[Exercise data]

(* Greedy: each new point raises the rank of every span that is not yet full. *)
Lemma spanning_points D (s : seq R) m (phi : nat -> V -> 'rV[R]_k) :
  uniq s -> (m * D < size s)%N ->
  (forall i j, (i < m)%N -> line_poly D (fun u => phi i u 0 j)) ->
  exists2 us : seq V, size us = k &
    forall i, (i < m)%N -> forall u, (phi i u <= seq_span [seq phi i x | x <- us])%MS.
Proof.
move=> uniq_s lt lp.
pose S i (xs : seq V) := seq_span [seq phi i x | x <- xs].
suff H t : (t <= k)%N -> exists2 xs : seq V, size xs = t & forall i, (i < m)%N ->
    (forall u, (phi i u <= S i xs)%MS) \/ (t <= \rank (S i xs))%N.
  have [xs sz Hx] := H k (leqnn k); exists xs => // i lti u.
  case: (Hx i lti) => [->//|rk]; apply: submx_full.
  by rewrite /row_full eqn_leq rank_leq_col.
elim: t => [|t IH] ltk; first by exists [::] => // i _; right.
have [xs sz Hx] := IH (ltnW ltk).
have [u Hu] : exists u, forall i, (i < m)%N ->
    (forall u', (phi i u' <= S i xs)%MS) \/ ~~ (phi i u <= S i xs)%MS.
  apply: (generic_common uniq_s lt) => i lti.
  have [sat|unsat] := classic (forall u', (phi i u' <= S i xs)%MS).
    exists (fun _ => 1); split=> [||u _]; [exact: line_poly_cst| |by left].
    by exists v0; rewrite oner_eq0.
  have [|g [lg gv Hg]] := @generic_notin_span D (phi i) (S i xs) (fun j => lp i j lti).
    by have [u1 /negP nu1] := not_all_ex_not _ _ unsat; exists u1.
  by exists g; split=> // u' /Hg; right.
exists (u :: xs); first by rewrite /= sz.
move=> i lti; have sub_cons : (S i xs <= S i (u :: xs))%MS by exact: addsmxSr.
case: (Hx i lti) => [sat|rk]; first by left => u'; apply: submx_trans (sat u') sub_cons.
case: (Hu i lti) => [sat|ns]; first by left => u'; apply: submx_trans (sat u') sub_cons.
right; apply: leq_ltn_trans rk _; rewrite (ltn_leqif (mxrank_leqif_sup sub_cons)).
by apply: contra ns => /(submx_trans _)-> //; exact: addsmxSl.
Qed.

End Spanning.
End GenericPoints.

Lemma size_mulmx_poly (R : fieldType) w (A B : 'M[{poly R}]_w) (a b : nat) :
  (forall i j, size (A i j) <= a.+1)%N -> (forall i j, size (B i j) <= b.+1)%N ->
  forall i j, (size ((A *m B) i j) <= (a + b).+1)%N.
Proof.
move=> HA HB i j; rewrite mxE; apply: leq_trans (size_sum _ _ _) _.
apply/bigmax_leqP => l _; apply: leq_trans (size_polyMleq _ _) _.
rewrite -subn1; apply: leq_trans (leq_sub2r 1 (leq_add (HA i l) (HB l j))) _; lia.
Qed.

Lemma mxvec_mulmx_linr (R : fieldType) w (X Y : 'M[R]_w) (z : 'cV[R]_(w * w)) :
  mxvec (X *m Y) *m z = mxvec X *m (lin_mx (mulmxr Y) *m z).
Proof. by rewrite mulmxA mul_vec_lin. Qed.

Lemma mxvec_mulmx_linl (R : fieldType) w (X Y : 'M[R]_w) (z : 'cV[R]_(w * w)) :
  mxvec (X *m Y) *m z = mxvec Y *m (lin_mx (mulmx X) *m z).
Proof. by rewrite mulmxA mul_vec_lin. Qed.

Section Generators.
Variables (R : fieldType) (K : nat).

Definition gen_input (Q : nat -> 'cV[R]_K) (beta : 'cV[R]_K) (i : nat) : R :=
  (beta^T *m Q i) 0 0.

Lemma gen_inputD Q beta beta' t i :
  gen_input Q (beta + t *: beta') i = gen_input Q beta i + t * gen_input Q beta' i.
Proof. by rewrite /gen_input linearD linearZ /= mulmxDl -scalemxAl !mxE. Qed.

Definition gen_cat p (A B : 'M[R]_K) (Q : nat -> 'M[R]_(K, p)) (h i : nat) :=
  if (i < 2 ^ h)%N then A *m Q i else B *m Q (i - 2 ^ h)%N.

Lemma gen_input_cat A B Q h beta i :
  gen_input (gen_cat A B Q h) beta i =
  if (i < 2 ^ h)%N then gen_input Q (A^T *m beta) i
  else gen_input Q (B^T *m beta) (i - 2 ^ h)%N.
Proof. by rewrite /gen_input /gen_cat; case: ifP; rewrite trmx_mul trmxK mulmxA. Qed.

Fixpoint word_prod (G : nat -> 'M[R]_K * 'M[R]_K) (h : nat) : nat -> 'M[R]_K :=
  if h is h'.+1 then gen_cat (G h').1 (G h').2 (word_prod G h') h' else fun _ => 1%:M.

[/Exercise data]

## Task to complete
Write out all the data exactly.

## Written response
(* Greedy: each new point raises the rank of every span that is not yet full. *)
Lemma spanning_points D (s : seq R) m (phi : nat -> V -> 'rV[R]_k) :
  uniq s -> (m * D < size s)%N ->
  (forall i j, (i < m)%N -> line_poly D (fun u => phi i u 0 j)) ->
  exists2 us : seq V, size us = k &
    forall i, (i < m)%N -> forall u, (phi i u <= seq_span [seq phi i x | x <- us])%MS.
Proof.
move=> uniq_s lt lp.
pose S i (xs : seq V) := seq_span [seq phi i x | x <- xs].
suff H t : (t <= k)%N -> exists2 xs : seq V, size xs = t & forall i, (i < m)%N ->
    (forall u, (phi i u <= S i xs)%MS) \/ (t <= \rank (S i xs))%N.
  have [xs sz Hx] := H k (leqnn k); exists xs => // i lti u.
  case: (Hx i lti) => [->//|rk]; apply: submx_full.
  by rewrite /row_full eqn_leq rank_leq_col.
elim: t => [|t IH] ltk; first by exists [::] => // i _; right.
have [xs sz Hx] := IH (ltnW ltk).
have [u Hu] : exists u, forall i, (i < m)%N ->
    (forall u', (phi i u' <= S i xs)%MS) \/ ~~ (phi i u <= S i xs)%MS.
  apply: (generic_common uniq_s lt) => i lti.
  have [sat|unsat] := classic (forall u', (phi i u' <= S i xs)%MS).
    exists (fun _ => 1); split=> [||u _]; [exact: line_poly_cst| |by left].
    by exists v0; rewrite oner_eq0.
  have [|g [lg gv Hg]] := @generic_notin_span D (phi i) (S i xs) (fun j => lp i j lti).
    by have [u1 /negP nu1] := not_all_ex_not _ _ unsat; exists u1.
  by exists g; split=> // u' /Hg; right.
exists (u :: xs); first by rewrite /= sz.
move=> i lti; have sub_cons : (S i xs <= S i (u :: xs))%MS by exact: addsmxSr.
case: (Hx i lti) => [sat|rk]; first by left => u'; apply: submx_trans (sat u') sub_cons.
case: (Hu i lti) => [sat|ns]; first by left => u'; apply: submx_trans (sat u') sub_cons.
right; apply: leq_ltn_trans rk _; rewrite (ltn_leqif (mxrank_leqif_sup sub_cons)).
by apply: contra ns => /(submx_trans _)-> //; exact: addsmxSl.
Qed.

End Spanning.
End GenericPoints.

Lemma size_mulmx_poly (R : fieldType) w (A B : 'M[{poly R}]_w) (a b : nat) :
  (forall i j, size (A i j) <= a.+1)%N -> (forall i j, size (B i j) <= b.+1)%N ->
  forall i j, (size ((A *m B) i j) <= (a + b).+1)%N.
Proof.
move=> HA HB i j; rewrite mxE; apply: leq_trans (size_sum _ _ _) _.
apply/bigmax_leqP => l _; apply: leq_trans (size_polyMleq _ _) _.
rewrite -subn1; apply: leq_trans (leq_sub2r 1 (leq_add (HA i l) (HB l j))) _; lia.
Qed.

Lemma mxvec_mulmx_linr (R : fieldType) w (X Y : 'M[R]_w) (z : 'cV[R]_(w * w)) :
  mxvec (X *m Y) *m z = mxvec X *m (lin_mx (mulmxr Y) *m z).
Proof. by rewrite mulmxA mul_vec_lin. Qed.

Lemma mxvec_mulmx_linl (R : fieldType) w (X Y : 'M[R]_w) (z : 'cV[R]_(w * w)) :
  mxvec (X *m Y) *m z = mxvec Y *m (lin_mx (mulmx X) *m z).
Proof. by rewrite mulmxA mul_vec_lin. Qed.

Section Generators.
Variables (R : fieldType) (K : nat).

Definition gen_input (Q : nat -> 'cV[R]_K) (beta : 'cV[R]_K) (i : nat) : R :=
  (beta^T *m Q i) 0 0.

Lemma gen_inputD Q beta beta' t i :
  gen_input Q (beta + t *: beta') i = gen_input Q beta i + t * gen_input Q beta' i.
Proof. by rewrite /gen_input linearD linearZ /= mulmxDl -scalemxAl !mxE. Qed.

Definition gen_cat p (A B : 'M[R]_K) (Q : nat -> 'M[R]_(K, p)) (h i : nat) :=
  if (i < 2 ^ h)%N then A *m Q i else B *m Q (i - 2 ^ h)%N.

Lemma gen_input_cat A B Q h beta i :
  gen_input (gen_cat A B Q h) beta i =
  if (i < 2 ^ h)%N then gen_input Q (A^T *m beta) i
  else gen_input Q (B^T *m beta) (i - 2 ^ h)%N.
Proof. by rewrite /gen_input /gen_cat; case: ifP; rewrite trmx_mul trmxK mulmxA. Qed.

Fixpoint word_prod (G : nat -> 'M[R]_K * 'M[R]_K) (h : nat) : nat -> 'M[R]_K :=
  if h is h'.+1 then gen_cat (G h').1 (G h').2 (word_prod G h') h' else fun _ => 1%:M.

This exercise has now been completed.